Unfortunately, it’s a style that has come to be seen as a necessary marker of “gravitas”. Along with it has grown a whole lexicon of terms that are seldom – if ever – used outside academia, though it is hard to see any good reason for many of these (“problematise”, for one).
Of course, academics are not the only professionals to have developed ways of expressing themselves that function as a kind of status marker but that also have the effect of alienating readers from outside their profession. As a copywriter and editor for businesses – often financial services and management consultancy businesses – I sometimes have to deal with texts that rival the most abstruse varieties of critical theory. Typically, my job is to make such texts comprehensible to a non-expert reader.

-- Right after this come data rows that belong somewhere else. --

(* In the Restricted Grid Scheduling problem, for any finite multiset of items (each of size $S$ or $L$) and any admissible sequence of bins (each of size in $[S,M]$), there exists an optimal thrifty packing that contains no bad bin.
   Context: Fix an integer $S>1$, $L=2S-1$, $M=4S-3$. Items have size $S$ or $L$; bins have integer sizes in $[S,M]$ and arrive in a sequence, which is admissible if it ends with at least as many bins of size $M$ as there are items. A packing assigns every item to a bin with total item size in each bin at most the bin size; used bins are those receiving at least one item; the cost is the sum of sizes of used bins. A packing is valid if each empty bin is smaller than every item packed in a later bin; optimal if valid and of minimum cost among valid packings. A bin is wasteful if its empty space is at least the size of some item packed in a later bin; a packing is thrifty if it has no wasteful bin. A used bin is bad if it contains at least one item of size $S$, its empty space is at least $L-S$, and some item of size $L$ is packed in a later bin. *)

From mathcomp Require Import all_boot.
Set Implicit Arguments. Unset Strict Implicit. Unset Printing Implicit Defensive.

Definition Lsz (S : nat) : nat := 2 * S - 1.
Definition Msz (S : nat) : nat := 4 * S - 3.

(* Items: a multiset of sizes, given as a sequence [items];
   bins: a sequence [bins] of sizes, in arrival order. *)
Definition items_ok (S : nat) (items : seq nat) : Prop :=
  all (fun x => (x == S) || (x == Lsz S)) items.
Definition bins_ok (S : nat) (bins : seq nat) : Prop :=
  all (fun b => (S <= b <= Msz S)) bins.
Definition admissible (S : nat) (items bins : seq nat) : Prop :=
  size items <= size bins /\
  all (fun b => b == Msz S) (drop (size bins - size items) bins).

Section Packing.
Variables (S : nat) (items bins : seq nat).
Local Notation n := (size items).
Local Notation m := (size bins).

Definition assignment := {ffun 'I_n -> 'I_m}.

Definition isize (i : 'I_n) : nat := nth 0 items i.
Definition bsize (j : 'I_m) : nat := nth 0 bins j.

Definition load (p : assignment) (j : 'I_m) : nat :=
  \sum_(i : 'I_n | p i == j) isize i.
Definition used (p : assignment) (j : 'I_m) : bool := [exists i, p i == j].
Definition cost (p : assignment) : nat := \sum_(j : 'I_m | used p j) bsize j.
Definition empty_space (p : assignment) (j : 'I_m) : nat := bsize j - load p j.

Definition packing (p : assignment) : Prop := forall j, load p j <= bsize j.

Definition valid (p : assignment) : Prop :=
  packing p /\
  forall (j : 'I_m) (i : 'I_n), ~~ used p j -> (j < p i)%N -> bsize j < isize i.

Definition optimal (p : assignment) : Prop :=
  valid p /\ forall q : assignment, valid q -> cost p <= cost q.

Definition wasteful (p : assignment) (j : 'I_m) : Prop :=
  exists i : 'I_n, (j < p i)%N /\ isize i <= empty_space p j.

Definition thrifty (p : assignment) : Prop := forall j, ~ wasteful p j.

Definition bad (p : assignment) (j : 'I_m) : Prop :=
  used p j /\
  (exists i : 'I_n, p i = j /\ isize i = S) /\
  Lsz S - S <= empty_space p j /\
  (exists i : 'I_n, (j < p i)%N /\ isize i = Lsz S).
End Packing.

From mathcomp Require Import all_boot zify.
From Stdlib Require Import Classical.
Set Implicit Arguments. Unset Strict Implicit. Unset Printing Implicit Defensive.

(** Among the optimal packings pick one of least potential, the sum over all
   items of size times bin index; moving an item to an earlier bin lowers it.
   A packing that is valid except at one empty bin is repaired by moving into
   that bin a later item that fits, and repeating at the bin this may empty;
   cost and potential do not increase.  A wasteful bin thus yields, after
   moving the later item into it and repairing, a packing of no larger cost
   and smaller potential.  For a bad bin with an S-item and a later L-item:
   if all bins before the L-item are used, swapping the two items keeps the
   used bins and lowers the potential.  Otherwise the first unused bin lies
   between them, is smaller than L, and is followed only by L-items; as
   2L > M, the L-item is alone in its bin.  Moving the S-item to the unused
   bin and the L-item into the bad bin empties the L-item's bin, and
   repairing it saves at least L, so the cost drops. *)

Lemma exists_minimizer (T : Type) (P : T -> Prop) (f : T -> nat) :
  (exists x, P x) -> exists2 x, P x & forall y, P y -> f x <= f y.
Proof.
move=> [x Px]; have [N] := ubnP (f x); elim: N x Px => // N IH x Px fxN.
case: (classic (exists2 y, P y & f y < f x)) => [[y Py fyx] | no_smaller].
  by apply: (IH y) => //; lia.
exists x => // y Py; rewrite leqNgt; apply/negP => fyx.
by apply: no_smaller; exists y.
Qed.

Section Moves.
Variables (items bins : seq nat).
Local Notation n := (size items).
Local Notation m := (size bins).
Local Notation A := (assignment items bins).

Definition move_item (p : A) (i : 'I_n) (b : 'I_m) : A :=
  [ffun x => if x == i then b else p x].

Definition potential (p : A) : nat := \sum_i isize i * p i.

Definition valid_except (p : A) (h : 'I_m) : Prop :=
  forall (j : 'I_m) (i : 'I_n), j != h -> ~~ used p j -> j < p i -> bsize j < isize i.

Lemma move_item_at (p : A) i b : move_item p i b i = b.
Proof. by rewrite ffunE eqxx. Qed.

Lemma move_item_other (p : A) i b x : x != i -> move_item p i b x = p x.
Proof. by rewrite ffunE => /negbTE ->. Qed.

Lemma usedP (p : A) j : reflect (exists i, p i = j) (used p j).
Proof. by apply: (iffP existsP) => [[i /eqP]|[i <-]]; exists i. Qed.

Lemma used_item (p : A) i : used p (p i).
Proof. by apply/usedP; exists i. Qed.

Lemma used_move_target (p : A) i b : used (move_item p i b) b.
Proof. by rewrite -{2}(move_item_at p i b) used_item. Qed.

Lemma used_move_other (p : A) i b j : j != b -> j != p i ->
  used (move_item p i b) j = used p j.
Proof.
move=> jb jpi; apply/usedP/usedP => [[x qxj]|[x pxj]]; exists x.
  by move: qxj; rewrite ffunE; case: eqP => // _ E; rewrite E eqxx in jb.
by rewrite move_item_other //; apply: contraNneq jpi => xi; rewrite -pxj xi.
Qed.

Lemma load_unused (p : A) j : ~~ used p j -> load p j = 0.
Proof.
by move=> /usedP unused; rewrite /load big1 // => i /eqP pij; case: unused; exists i.
Qed.

Lemma load_sum (p : A) j : load p j = \sum_i (if p i == j then isize i else 0).
Proof. by rewrite /load big_mkcond. Qed.

Lemma load_move (p : A) i b j :
  load (move_item p i b) j + (if p i == j then isize i else 0) =
  load p j + (if b == j then isize i else 0).
Proof.
rewrite !load_sum [in LHS](bigD1 i) //= [in RHS](bigD1 i) //= move_item_at.
rewrite (eq_bigr (fun x => if p x == j then isize x else 0)).
  by rewrite addnAC [RHS]addnAC [(if p i == j then _ else _) + _]addnC.
by move=> x xi; rewrite move_item_other.
Qed.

For a while now, I’ve combined writing and editing with university teaching. And in recent years I’ve noticed that two distinct jargons – of academia and of business – have come together to form a new and unlovely hybrid. Let’s call it Acabusinish, a suitably ugly word for it.
Partly this is the result of the increasing marketisation of higher education, and the notion that universities should be run along the same lines as commercial businesses. But when academics start trying to channel the language of management consultancy, the results can be peculiarly offputting.
Laurie Taylor – a former Professor of Sociology who is also a superb communicator – often made fun of the incomprehensible and overblown jargon of university management in his ‘Poppletonian’ column in the THES. On his excellent Radio Four show, Thinking Allowed, Taylor once discussed the seeming inexorable spread of such language with a panel of experts including André Spicer, Professor of Organizational Behaviour at Cass Business School and the author of the memorably titled Business Bullshit.
…The more you use words to say nothing, the more you can mangle the language until people don’t really know what they’re doing.”
Another guest of the programme, the entrepreneur and writer Margaret Haffernan, observed that one reason managers express themselves so poorly is that “ it makes them feel that they must be earning these huge salaries if they can sling around these huge words […] The more you use words to say nothing, the more you can mangle the language until people don’t really know what they’re doing.”
The downside, of course, is that when people don’t really know what they’re doing, organisations tend to get into an almighty mess. And when people feel that their managers are trying to bamboozle them with empty, overblown language they tend to develop a certain cynicism about these managers’ intentions and even their competence.
Many of the students I teach (on an MA in Professional Writing) are recent graduates whose main experience of writing has been producing academic essays and dissertations. One challenge for them is to understand that the habits they’ve formed in producing these will not necessarily be helpful to them as professional writers. Another is the idea that writers for business need to sound “businessy”.
Nothing could be further from the truth. Business writing is most effective when it is least “businessy”, and many academic writers would also find a much wider and more appreciative audience if they made a conscious effort to write more naturally.
One piece of advice I offer my students is to read anything they have written aloud to themselves. Does it sound like something that one human being could naturally say to another without feeling like, well, a bit of a pompous twit?
It’s a pretty good test, and one that I wish writers of Acabusinish would try more often.